[Exercise instructions]
Reproduce the complete set of records, exactly as they appear.

[Records excerpted from a collection]
Theorem theorem4p14 (X : Type) (d : X -> X -> R) :
  is_metric d -> infinite_type X -> ulf d ->
  exists F : ((nat -> bool) -> bool) -> ((X -> C) -> C),
    (forall p, higson_corona_point d (F p)) /\
    (forall p q, same_on_higson d (F p) (F q) -> p = q).
Proof.
  intros Hm Hinf Hulf.
  destruct (sparse_seq_exists d Hm Hinf Hulf) as [y Hy].
  destruct indep_ultrafilters_exist as (U & Hultra & Hindep & Hcofinite).
  exists (fun p => ultra_char (U p) y). split.
  - intros p. split.
    + apply ultra_char_character, Hultra.
    + apply ultra_char_not_evaluation; [apply Hultra | apply Hcofinite |].
      apply (sparse_seq_injective d); assumption.
  - apply (ultra_char_separates d y U); assumption.
Qed.
Lemma d_eps_triangle x y z : e x z <= e x y + e y z.
Proof.
  apply Rnot_lt_le. intros Hlt. set (eta := (e x z - (e x y + e y z)) / 2).
  destruct (d_eps_approx x y eta ltac:(unfold eta; lra)) as (g1 & a1 & b1 & R1 & E1 & F1 & L1).
  destruct (d_eps_approx y z eta ltac:(unfold eta; lra)) as (g2 & a2 & b2 & R2 & E2 & F2 & L2).
  set (c := a2 - b1). set (g2' := fun s => g2 (s + c)).
  assert (R2' : rectifiable d g2' b1 (b2 - c)).
  { apply rectifiable_shift. unfold c. replace (b1 + (a2 - b1)) with a2 by ring.
    replace (b2 - (a2 - b1) + (a2 - b1)) with b2 by ring. exact R2. }
  assert (L2' : L g2' b1 (b2 - c) = L g2 a2 b2).
  { unfold g2'. rewrite line_integral_shift. unfold c. f_equal; ring. }
  assert (J : g1 b1 = g2' b1) by (unfold g2', c; replace (b1 + (a2 - b1)) with a2 by ring; congruence).
  assert (Z : g2' (b2 - c) = z) by (unfold g2'; replace (b2 - c + c) with b2 by ring; exact F2).
  pose proof (rectifiable_glue d_metric g1 g2' a1 b1 (b2 - c) R1 R2' J) as Rg.
  pose proof (line_integral_glue_le d_metric density density_nonneg density_le_1
                g1 g2' a1 b1 (b2 - c) R1 R2' J) as Lg.
  pose proof (d_eps_le_line_integral _ _ _ Rg) as K.
  destruct R1 as [Hab1 _], R2' as [Hab2 _].
  rewrite glue_left in K by lra. rewrite glue_right in K by (auto; lra).
  rewrite Z, E1 in K. unfold eta in *. lra.
Qed.

Lemma d_eps_le_geodesic x y s (G : R -> R) : geodesic_segment d x y s ->
  (forall u v, 0 <= u -> u <= v -> v <= d x y -> inf_density s u v * (v - u) <= G v - G u) ->
  e x y <= G (d x y) - G 0.
Proof.
  intros Hs HG. pose proof (d_eps_le_line_integral s 0 (d x y) (geodesic_rectifiable x y s Hs)) as H.
  pose proof (geodesic_isometric x y s Hs) as Hiso.
  destruct Hs as [Hs0 [Hs1 _]]. rewrite Hs0, Hs1 in H.
  eapply Rle_trans; [exact H |].
  apply (line_integral_isometry_le density density_nonneg); auto.
Qed.

Lemma d_eps_le_density_bound x y s M : geodesic_segment d x y s -> 0 <= M ->
  (forall w, 0 <= w <= d x y -> density (s w) <= M) -> e x y <= M * d x y.
Proof.
  intros Hs HM H. replace (M * d x y) with (M * d x y - M * 0) by ring.
  apply (d_eps_le_geodesic x y s (fun t => M * t) Hs). intros u v Hu Huv Hv.
  pose proof (density_inf_le density density_nonneg s u v v ltac:(lra)).
  pose proof (H v ltac:(lra)). pose proof (density_inf_nonneg density density_nonneg s u v Huv). nra.
Qed.

Lemma d_eps_le_dist x y : e x y <= d x y.
Proof.
  destruct (d_geodesic x y) as [s Hs]. rewrite <- (Rmult_1_l (d x y)).
  apply (d_eps_le_density_bound x y s 1 Hs); [lra |]. intros. apply density_le_1.
Qed.

Lemma d_eps_refl x : e x x = 0.
Proof.
  pose proof (d_eps_le_dist x x). pose proof (d_eps_nonneg x x).
  rewrite (metric_refl d_metric) in *. lra.
Qed.

Lemma d_eps_outward_le g a b : isometric_on d g a b -> 0 <= a -> a <= b ->
  (forall w, a <= w <= b -> w <= d p (g w)) -> e (g a) (g b) <= exp (- eps * a) / eps.
Proof.
  intros Hiso Ha Hab Hw.
  eapply Rle_trans; [apply d_eps_le_line_integral, rectifiable_isometry; auto |].
  eapply Rle_trans.
  - apply (line_integral_isometry_le density density_nonneg
             g a b (fun t => - exp (- eps * t) / eps)); auto.
    intros u v Hu Huv Hv.
    pose proof (density_inf_le density density_nonneg g u v v ltac:(lra)).
    assert (density (g v) <= exp (- eps * v))
      by (apply exp_le_compat; pose proof (Hw v ltac:(lra)); nra).
    pose proof (density_inf_nonneg density density_nonneg g u v Huv).
    pose proof (exp_left_endpoint_le eps (- v) (- u) eps_pos ltac:(lra)) as Hexp.
    replace (eps * - v) with (- eps * v) in Hexp by ring.
    replace (eps * - u) with (- eps * u) in Hexp by ring.
    apply Rle_trans with (exp (- eps * v) * (v - u)); [nra |].
    unfold Rdiv in *. lra.
  - pose proof (exp_pos (- eps * b)). pose proof (Rinv_0_lt_compat eps eps_pos).
    unfold Rdiv. nra.
Qed.

Lemma d_eps_inward_le g a b : isometric_on d g a b -> 0 <= a -> a <= b ->
  (forall w, a <= w <= b -> w <= d p (g w)) -> e (g b) (g a) <= exp (- eps * a) / eps.
Proof.
  intros Hiso Ha Hab Hw. set (h := fun t => g (- t)).
  assert (Hiso_h : isometric_on d h (- b) (- a)).
  { intros s t Hs Ht. unfold h. rewrite Hiso by lra. rewrite <- Rabs_Ropp. f_equal. ring. }
  pose proof (d_eps_le_line_integral h (- b) (- a) (rectifiable_isometry h _ _ Hiso_h ltac:(lra))) as K.
  unfold h in K. rewrite !Ropp_involutive in K.
  eapply Rle_trans; [exact K |]. eapply Rle_trans.
  - apply (line_integral_isometry_le density density_nonneg
             h (- b) (- a) (fun t => exp (eps * t) / eps)); [exact Hiso_h | lra |].
    intros u v Hu Huv Hv.
    pose proof (density_inf_le density density_nonneg h u v u ltac:(lra)).
    assert (density (h u) <= exp (eps * u))
      by (apply exp_le_compat; pose proof (Hw (- u) ltac:(lra)); unfold h; nra).
    pose proof (density_inf_nonneg density density_nonneg h u v Huv).
    pose proof (exp_left_endpoint_le eps u v eps_pos Huv).
    apply Rle_trans with (exp (eps * u) * (v - u)); [nra |].
    unfold Rdiv in *. lra.
  - pose proof (exp_pos (eps * - b)). pose proof (Rinv_0_lt_compat eps eps_pos).
    replace (eps * - a) with (- eps * a) by ring. unfold Rdiv. nra.
Qed.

[Exercise output]
Theorem theorem4p14 (X : Type) (d : X -> X -> R) :
  is_metric d -> infinite_type X -> ulf d ->
  exists F : ((nat -> bool) -> bool) -> ((X -> C) -> C),
    (forall p, higson_corona_point d (F p)) /\
    (forall p q, same_on_higson d (F p) (F q) -> p = q).
Proof.
  intros Hm Hinf Hulf.
  destruct (sparse_seq_exists d Hm Hinf Hulf) as [y Hy].
  destruct indep_ultrafilters_exist as (U & Hultra & Hindep & Hcofinite).
  exists (fun p => ultra_char (U p) y). split.
  - intros p. split.
    + apply ultra_char_character, Hultra.
    + apply ultra_char_not_evaluation; [apply Hultra | apply Hcofinite |].
      apply (sparse_seq_injective d); assumption.
  - apply (ultra_char_separates d y U); assumption.
Qed.
Lemma d_eps_triangle x y z : e x z <= e x y + e y z.
Proof.
  apply Rnot_lt_le. intros Hlt. set (eta := (e x z - (e x y + e y z)) / 2).
  destruct (d_eps_approx x y eta ltac:(unfold eta; lra)) as (g1 & a1 & b1 & R1 & E1 & F1 & L1).
  destruct (d_eps_approx y z eta ltac:(unfold eta; lra)) as (g2 & a2 & b2 & R2 & E2 & F2 & L2).
  set (c := a2 - b1). set (g2' := fun s => g2 (s + c)).
  assert (R2' : rectifiable d g2' b1 (b2 - c)).
  { apply rectifiable_shift. unfold c. replace (b1 + (a2 - b1)) with a2 by ring.
    replace (b2 - (a2 - b1) + (a2 - b1)) with b2 by ring. exact R2. }
  assert (L2' : L g2' b1 (b2 - c) = L g2 a2 b2).
  { unfold g2'. rewrite line_integral_shift. unfold c. f_equal; ring. }
  assert (J : g1 b1 = g2' b1) by (unfold g2', c; replace (b1 + (a2 - b1)) with a2 by ring; congruence).
  assert (Z : g2' (b2 - c) = z) by (unfold g2'; replace (b2 - c + c) with b2 by ring; exact F2).
  pose proof (rectifiable_glue d_metric g1 g2' a1 b1 (b2 - c) R1 R2' J) as Rg.
  pose proof (line_integral_glue_le d_metric density density_nonneg density_le_1
                g1 g2' a1 b1 (b2 - c) R1 R2' J) as Lg.
  pose proof (d_eps_le_line_integral _ _ _ Rg) as K.
  destruct R1 as [Hab1 _], R2' as [Hab2 _].
  rewrite glue_left in K by lra. rewrite glue_right in K by (auto; lra).
  rewrite Z, E1 in K. unfold eta in *. lra.
Qed.

Lemma d_eps_le_geodesic x y s (G : R -> R) : geodesic_segment d x y s ->
  (forall u v, 0 <= u -> u <= v -> v <= d x y -> inf_density s u v * (v - u) <= G v - G u) ->
  e x y <= G (d x y) - G 0.
Proof.
  intros Hs HG. pose proof (d_eps_le_line_integral s 0 (d x y) (geodesic_rectifiable x y s Hs)) as H.
  pose proof (geodesic_isometric x y s Hs) as Hiso.
  destruct Hs as [Hs0 [Hs1 _]]. rewrite Hs0, Hs1 in H.
  eapply Rle_trans; [exact H |].
  apply (line_integral_isometry_le density density_nonneg); auto.
Qed.

Lemma d_eps_le_density_bound x y s M : geodesic_segment d x y s -> 0 <= M ->
  (forall w, 0 <= w <= d x y -> density (s w) <= M) -> e x y <= M * d x y.
Proof.
  intros Hs HM H. replace (M * d x y) with (M * d x y - M * 0) by ring.
  apply (d_eps_le_geodesic x y s (fun t => M * t) Hs). intros u v Hu Huv Hv.
  pose proof (density_inf_le density density_nonneg s u v v ltac:(lra)).
  pose proof (H v ltac:(lra)). pose proof (density_inf_nonneg density density_nonneg s u v Huv). nra.
Qed.

Lemma d_eps_le_dist x y : e x y <= d x y.
Proof.
  destruct (d_geodesic x y) as [s Hs]. rewrite <- (Rmult_1_l (d x y)).
  apply (d_eps_le_density_bound x y s 1 Hs); [lra |]. intros. apply density_le_1.
Qed.

Lemma d_eps_refl x : e x x = 0.
Proof.
  pose proof (d_eps_le_dist x x). pose proof (d_eps_nonneg x x).
  rewrite (metric_refl d_metric) in *. lra.
Qed.

Lemma d_eps_outward_le g a b : isometric_on d g a b -> 0 <= a -> a <= b ->
  (forall w, a <= w <= b -> w <= d p (g w)) -> e (g a) (g b) <= exp (- eps * a) / eps.
Proof.
  intros Hiso Ha Hab Hw.
  eapply Rle_trans; [apply d_eps_le_line_integral, rectifiable_isometry; auto |].
  eapply Rle_trans.
  - apply (line_integral_isometry_le density density_nonneg
             g a b (fun t => - exp (- eps * t) / eps)); auto.
    intros u v Hu Huv Hv.
    pose proof (density_inf_le density density_nonneg g u v v ltac:(lra)).
    assert (density (g v) <= exp (- eps * v))
      by (apply exp_le_compat; pose proof (Hw v ltac:(lra)); nra).
    pose proof (density_inf_nonneg density density_nonneg g u v Huv).
    pose proof (exp_left_endpoint_le eps (- v) (- u) eps_pos ltac:(lra)) as Hexp.
    replace (eps * - v) with (- eps * v) in Hexp by ring.
    replace (eps * - u) with (- eps * u) in Hexp by ring.
    apply Rle_trans with (exp (- eps * v) * (v - u)); [nra |].
    unfold Rdiv in *. lra.
  - pose proof (exp_pos (- eps * b)). pose proof (Rinv_0_lt_compat eps eps_pos).
    unfold Rdiv. nra.
Qed.

Lemma d_eps_inward_le g a b : isometric_on d g a b -> 0 <= a -> a <= b ->
  (forall w, a <= w <= b -> w <= d p (g w)) -> e (g b) (g a) <= exp (- eps * a) / eps.
Proof.
  intros Hiso Ha Hab Hw. set (h := fun t => g (- t)).
  assert (Hiso_h : isometric_on d h (- b) (- a)).
  { intros s t Hs Ht. unfold h. rewrite Hiso by lra. rewrite <- Rabs_Ropp. f_equal. ring. }
  pose proof (d_eps_le_line_integral h (- b) (- a) (rectifiable_isometry h _ _ Hiso_h ltac:(lra))) as K.
  unfold h in K. rewrite !Ropp_involutive in K.
  eapply Rle_trans; [exact K |]. eapply Rle_trans.
  - apply (line_integral_isometry_le density density_nonneg
             h (- b) (- a) (fun t => exp (eps * t) / eps)); [exact Hiso_h | lra |].
    intros u v Hu Huv Hv.
    pose proof (density_inf_le density density_nonneg h u v u ltac:(lra)).
    assert (density (h u) <= exp (eps * u))
      by (apply exp_le_compat; pose proof (Hw (- u) ltac:(lra)); unfold h; nra).
    pose proof (density_inf_nonneg density density_nonneg h u v Huv).
    pose proof (exp_left_endpoint_le eps u v eps_pos Huv).
    apply Rle_trans with (exp (eps * u) * (v - u)); [nra |].
    unfold Rdiv in *. lra.
  - pose proof (exp_pos (eps * - b)). pose proof (Rinv_0_lt_compat eps eps_pos).
    replace (eps * - a) with (- eps * a) by ring. unfold Rdiv. nra.
Qed.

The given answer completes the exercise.